What I like about photography and which is very present in my work is the idea of time. I am on the lookout for such fleeting moments in our lives.
Viensvoir: would you like the spectator to be breathless when looking at your photos?
Cig Harvey: That would be fantastic, of course, but maybe it’s too much to ask, right? My greatest wish would be that my photos help to appreciate these things in everyday life.
Is that your daughter, in the picture?
Yes, I often photograph my loved ones. Simply because all these photos are my life. So it just so happens that I have a daughter (you can feel an infinite love when she talks about her) and that it is a very important part of my life. And I think the day I became a mother, I became a better photographer.

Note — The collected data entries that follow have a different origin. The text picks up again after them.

Lemma iter_killedZ j c f q : iter j K (fun r => c * f r) q = c * iter j K f q.
Proof.
elim: j q => [|j IH] q //=.
by rewrite (_ : iter j K _ = fun r => c * iter j K f r) ?killedZ //; apply: funext.
Qed.

Hypothesis hP : stochastic P.

Local Notation x := (min_nonzero_prob P).

Lemma stochastic_ge0 q r : 0 <= P q r. Proof. by case: hP. Qed.
Lemma stochastic_sum1 q : \sum_r P q r = 1. Proof. by case: hP. Qed.

Lemma killed1 q : K (fun=> 1) q = 1 - indicS q.
Proof.
rewrite /killed /indicS; case: ifP => _; first by rewrite subrr.
by rewrite subr0 -[RHS](stochastic_sum1 q); apply: eq_bigr => r _; rewrite mulr1.
Qed.

Lemma killed_ge0 f : (forall r, 0 <= f r) -> forall q, 0 <= K f q.
Proof.
move=> f_ge0 q; rewrite /killed; case: ifP => _ //.
by apply: sumr_ge0 => r _; rewrite mulr_ge0 ?stochastic_ge0.
Qed.

Lemma le_killed f g : (forall r, f r <= g r) -> forall q, K f q <= K g q.
Proof.
move=> le_fg q; rewrite /killed; case: ifP => _ //.
by apply: ler_sum => r _; rewrite ler_wpM2l ?stochastic_ge0.
Qed.

Lemma iter_killed_ge0 j f : (forall r, 0 <= f r) -> forall q, 0 <= iter j K f q.
Proof. by move=> f_ge0; elim: j => [|j IH] q //=; apply: killed_ge0. Qed.

Lemma le_iter_killed j f g :
  (forall r, f r <= g r) -> forall q, iter j K f q <= iter j K g q.
Proof. by move=> le_fg; elim: j => [|j IH] q //=; apply: le_killed. Qed.

Lemma indicS_ge0 q : 0 <= indicS q.
Proof. by rewrite /indicS; case: ifP. Qed.

Fixpoint hit_within (M : nat) : Q -> R :=
  if M is M'.+1 then indicS \+ K (hit_within M') else indicS.

Lemma hit_withinS M q : hit_within M.+1 q = hit_within M q + iter M.+1 K indicS q.
Proof.
elim: M q => [|M IH] q //.
rewrite -[hit_within M.+2 q]/(indicS q + K (hit_within M.+1) q).
by rewrite {1}(funext IH) killedD addrA.
Qed.

Lemma hit_within_ge0 M q : 0 <= hit_within M q.
Proof.
elim: M q => [|M IH] q /=; first exact: indicS_ge0.
by rewrite addr_ge0 ?indicS_ge0 ?killed_ge0.
Qed.

Lemma survival_add_hit_within M q : iter M.+1 K (fun=> 1) q + hit_within M q = 1.
Proof.
elim: M q => [|M IH] q; first by rewrite /= killed1 subrK.
rewrite [iter _ _ _ _]/= [hit_within _ _]/= addrCA -killedD.
rewrite (_ : iter M.+1 K (fun=> 1) \+ hit_within M = fun=> 1).
  by rewrite killed1 addrC subrK.
by apply: funext.
Qed.

Lemma hit_within_le1 M q : hit_within M q <= 1.
Proof.
by rewrite -(survival_add_hit_within M q) lerDr iter_killed_ge0.
Qed.

Lemma min_nonzero_prob_ge0 : 0 <= x.
Proof. by apply: le_bigmin => // qr _; apply: stochastic_ge0. Qed.

Lemma min_nonzero_prob_le1 : x <= 1.
Proof. exact: bigmin_le_id. Qed.

Lemma min_nonzero_prob_le q r : P q r != 0 -> x <= P q r.
Proof. by move=> Pqr; apply: (bigmin_le_cond _ (j := (q, r))). Qed.

Lemma hit_within_lower M q : hit_within M q != 0 -> x ^+ M <= hit_within M q.
Proof.
elim: M q => [|M IH] q /=.
  by rewrite expr0 /indicS; case: ifP; rewrite ?eqxx.
rewrite /killed /indicS; case: ifP => qS.
  by rewrite addr0 exprn_ile1 ?min_nonzero_prob_ge0 ?min_nonzero_prob_le1.
rewrite add0r => sum_neq0.
have [r Pr_neq0] : exists r, P q r * hit_within M r != 0.
  apply/existsP; apply: contraNT sum_neq0 => /existsPn all0.
  by apply/eqP/big1 => r _; apply/eqP/negbNE/all0.
rewrite mulf_eq0 negb_or in Pr_neq0; case/andP: Pr_neq0 => Pqr hr.
apply: le_trans (_ : P q r * hit_within M r <= _).
  by rewrite exprS ler_pM ?exprn_ge0 ?min_nonzero_prob_ge0 ?min_nonzero_prob_le ?IH.
rewrite (bigD1 r) //= lerDl sumr_ge0 // => r' _.
by rewrite mulr_ge0 ?stochastic_ge0 ?hit_within_ge0.
Qed.

Definition unreachable M : {set Q} := [set q | hit_within M q == 0].

Lemma in_unreachableS M q : (q \in unreachable M.+1) =
  (q \notin S) && [forall r, (P q r == 0) || (r \in unreachable M)].
Proof.
rewrite !inE /= /killed /indicS; case: ifP => qS /=; first by rewrite addr0 oner_eq0.
have terms_ge0 r : true -> 0 <= P q r * hit_within M r.
  by rewrite mulr_ge0 ?stochastic_ge0 ?hit_within_ge0.
rewrite add0r; apply/eqP/forallP => [sum0 r|all0].
  by have /eqP := psumr_eq0P terms_ge0 sum0 (i := r) isT; rewrite mulf_eq0 inE.
apply: big1 => r _; case/orP: (all0 r) => [/eqP ->|]; first by rewrite mul0r.
by rewrite inE => /eqP ->; rewrite mulr0.
Qed.

Lemma unreachable_decr M : unreachable M.+1 \subset unreachable M.
Proof.
apply/fintype.subsetP => q; rewrite !inE hit_withinS => /eqP hit0.
rewrite eq_le hit_within_ge0 andbT -hit0 lerDl.
by rewrite iter_killed_ge0 // => r; exact: indicS_ge0.
Qed.

Lemma unreachable_stable M :
  unreachable M.+1 = unreachable M -> unreachable M.+2 = unreachable M.+1.
Proof. by move=> eqM; apply/setP => q; rewrite [LHS]in_unreachableS [RHS]in_unreachableS eqM. Qed.

Hypothesis Q_nonempty : (0 < #|Q|)%N.

Lemma unreachable_stabilizes :
  exists2 i, (i < #|Q|)%N & unreachable i.+1 = unreachable i.
Proof.
have [i le_i eq_i] := decreasing_sets_stabilize unreachable_decr.
have [lt_i|le_n] := ltnP i #|Q|; first by exists i.
(* Otherwise nothing can reach S, i.e. S is empty, and the sets are constant. *)
have allT : unreachable 0 = [set: Q].
  by apply/eqP; rewrite finset.eqEcard finset.subsetT cardsT (leq_trans le_n le_i).
exists 0%N => //; apply/setP => q; rewrite in_unreachableS allT inE.
have : q \in unreachable 0 by rewrite allT inE.
rewrite inE /= /indicS; case: ifP => [_|_ _]; first by rewrite oner_eq0.
by apply/forallP => r; rewrite inE orbT.
Qed.

Local Notation dead := (unreachable #|Q|.-1).

Lemma unreachable_eq M : (#|Q|.-1 <= M)%N -> unreachable M = dead.
Proof.
have [i lt_i eq_i] := unreachable_stabilizes.
have from_i := eq_from_stable unreachable_stable eq_i.
by move=> le_M; rewrite !from_i //; lia.
Qed.

Lemma dead_closed q : q \in dead ->
  (q \notin S) && [forall r, (P q r == 0) || (r \in dead)].
Proof.
have deadS : unreachable #|Q|.-1.+1 = dead by rewrite prednK // unreachable_eq ?leq_pred.
by rewrite -{1}deadS in_unreachableS.
Qed.

Lemma killed_dead g : {in dead, forall q, g q = 0} -> {in dead, forall q, K g q = 0}.
Proof.
move=> g0 q /dead_closed /andP [qS /forallP succ].
rewrite /killed (negbTE qS); apply: big1 => r _.
by case/orP: (succ r) => [/eqP ->|/g0 ->]; rewrite ?mul0r ?mulr0.
Qed.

© CIG HARVEY, COURTESY PRIX VIRGINIA

This photo, unlike most others, is a constructed photo. And it’s a good story too, even if no one buys this picture (laughs)! It’s my stepfather’s dentures, an old man today. When he comes to our house, he leaves it in the bathroom all night and unlike him, I get up early in the morning (I always write in the morning, before the house is awake: writing, for me, is a way to access my ideas), I walk past these teeth… I took them and tried to photograph them in the kitchen, outside, in my photo studio and finally, I put them in front of a pink wall and there it worked. Because this color is a form of innocence in front of the old man’s teeth, something a little sinister, but at the same time, a kind of smile. And I also think of all the stories that this mouth could tell.
Do you retouch your photos a lot?
No, simple retouching of contrast or color. I’m really obsessed with color. But my job, more than making images, is to find them, to be open to my senses when I photograph.

© CIG HARVEY, COURTESY PRIX VIRGINIA

I was supposed to photograph these specimens for a magazine. They arrived by post, but the transport had damaged them. They were at the same time so beautiful and so damaged, like a metaphor of life where everything can go well and then, suddenly, change. I couldn’t fix them, but I could give them back some of their natural environment.
Do you photograph every day?
Every day. I try to photograph what touches me and what is important in my life.